As a junior, she started in all 34 games for the Buffs. She averaged 14.0 points and 5.1 rebounds per game. She had three double-doubles and scored double figures in 27 games. She had six games of 20 or more points. Vonleh was a 2024 Pac-12 All-Conference selection. On April 15, 2024, Vonleh entered the NCAA Transfer Portal. She committed to the Baylor Bears on April 24, 2024.

=== Baylor ===
Prior to the season, Vonleh was Preseason All-Big 12, names to the Lisa Leslie Preseason Watch List, and Preseason Big 12 Co-Newcomer of the Year.

As a senior, Vonleh averaged a career high 14.9 points and 5.8 rebounds per game.

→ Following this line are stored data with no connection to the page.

Lemma bp3_sub f g : bp3 col' f g -> bp3 col f g.
Proof.
case/existsP=> u /existsP[v /existsP[w /existsP[c]]].
case/and5P=> /eqP-> /eqP-> _ /eqP/sub_col Huv /andP[/eqP/sub_col Hvw /eqP Huw].
exact: bp3I Huv Hvw (bicolored_base_sub Huv Hvw Huw).
Qed.

Lemma LC_diamond_sub : has_LC_diamond col' -> has_LC_diamond col.
Proof.
case/existsP=> u /existsP[v /existsP[w /existsP[z /existsP[c]]]].
case/and5P=> _ /eqP/sub_col Huv /eqP/sub_col Hvw /eqP/sub_col Huz.
case/and3P=> /eqP/sub_col Hvz /eqP/sub_col Hwz /eqP Huw.
exact: LC_diamondI Huv Hvw Huz Hvz Hwz (bicolored_base_sub Huv Hvw Huw).
Qed.

Lemma LO_diamond_sub : has_LO_diamond col' -> has_LO_diamond col.
Proof.
case/existsP=> u /existsP[v /existsP[w /existsP[z /existsP[c]]]].
case/and5P=> _ /eqP/sub_col Huv /eqP/sub_col Hvw /eqP/sub_col Huz.
case/and3P=> /eqP/sub_col Hvz /eqP/sub_col Hwz /eqP Huw.
exact: LO_diamondI Huv Hvw Huz Hvz Hwz (bicolored_base_sub Huv Hvw Huw).
Qed.

Lemma IIZ_diamond_sub : has_IIZ_diamond col' -> has_IIZ_diamond col.
Proof.
case/existsP=> u /existsP[v /existsP[w /existsP[z /existsP[c]]]].
case/and5P=> _ /eqP/sub_col Huv /eqP/sub_col Hvw /eqP/sub_col Huz.
case/and3P=> /eqP/sub_col Hvz /eqP/sub_col Hwz /eqP Huw.
exact: IIZ_diamondI Huv Hvw Huz Hvz Hwz (bicolored_base_sub Huv Hvw Huw).
Qed.

Lemma CC_hourglass_sub :
  ~~ has_LO_diamond col -> ~~ has_IIZ_diamond col ->
  has_CC_hourglass col' -> has_CC_hourglass col.
Proof.
move=> noLO noIIZ.
case/existsP=> u /existsP[v /existsP[w /existsP[z1 /existsP[z2 /existsP[c]]]]].
case/and5P=> _ /eqP/sub_col Huv /eqP/sub_col Hvw /eqP/sub_col Huz1.
case/and5P=> /eqP/sub_col Hvz1 /eqP/sub_col Hvz2 /eqP/sub_col Hwz2 /eqP Huw.
case/and3P=> _ _ /eqP Hz1z2.
have {}Huw := bicolored_base_sub Huv Hvw Huw.
have {}Hz1z2 : col z1 z2 = None.
  by apply: (bicolored_base_sub (z := v) (d := ~~ c)) Hz1z2; colour_fact.
have Huz2 : col u z2 = None.
  case Huz2: (col u z2) => [e|] //; exfalso.
  have [Ee|Ee] := eq_or_negb e c; rewrite {e}Ee in Huz2.
  - by case/negP: noLO; apply: (@LO_diamondI u v w z2 c); colour_fact.
  - by case/negP: noIIZ; apply: (@IIZ_diamondI z2 v z1 u c); colour_fact.
have Hwz1 : col w z1 = None.
  case Hwz1: (col w z1) => [e|] //; exfalso.
  have [Ee|Ee] := eq_or_negb e c; rewrite {e}Ee in Hwz1.
  - by case/negP: noIIZ; apply: (@IIZ_diamondI z1 v z2 w (~~ c)); colour_fact.
  - by case/negP: noLO; apply: (@LO_diamondI w v u z1 (~~ c)); colour_fact.
exact: CC_hourglassI Huv Hvw Huz1 Hvz1 Hvz2 Hwz2 Huw Huz2 Hwz1 Hz1z2.
Qed.

Lemma nice_sub : nice col -> nice col'.
Proof.
case=> noLC [noLO [noIIZ [noCC p3_deg]]].
split; first exact: contra LC_diamond_sub noLC.
split; first exact: contra LO_diamond_sub noLO.
split; first exact: contra IIZ_diamond_sub noIIZ.
split; first exact: contra (CC_hourglass_sub noLO noIIZ) noCC.
move=> f /is_edge_sub /p3_deg; apply: leq_trans; apply: subset_leq_card.
by apply/subsetP=> g; rewrite !inE => /orP[] /bp3_sub ->; rewrite ?orbT.
Qed.

End Subgraph.

Section EdgeDeletion.

Variables a b : V.
Hypothesis ab_safe : safe_edge a b.

Lemma del_safe_edge_bicolored_base x y z d :
  col x z = Some d -> col z y = Some (~~ d) ->
  del_edge col [set a; b] x y = None -> col x y = None.
Proof.
rewrite /del_edge; case: ifP => // /eqP/eq_set2[[-> ->]|[-> ->]] Hxz Hzy _; exfalso.
  exact: ab_safe Hxz Hzy.
by apply: (ab_safe (z := z) (d := ~~ d)); colour_fact.
Qed.

Lemma nice_del_safe_edge : nice col -> nice (del_edge col [set a; b]).
Proof. exact: nice_sub (@del_edge_Some _ _ _) del_safe_edge_bicolored_base. Qed.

She appeared and started in all 36 contests. She scored double figures in 27 games. She scored a career high 37 points against Oklahoma State on March 8, 2025. Vonleh was named to the 2025 Big 12 All-Tournament Team and finished as a Second Team All-Big 12 selection.

== Professional career ==
On April 14, 2025, Vonleh was drafted by the Dallas Wings in the third round (31st overall) of the 2025 WNBA Draft. She signed a three-year $204,253 contract with the Wings on April 17, 2025. Vonleh was waived by the Wings on May 1, 2025.

For the remainder of 2025, Vonleh signed with Hozono Global Jairis. In January 2026, Vonleh signed with Lointek Gernika Bizkaia.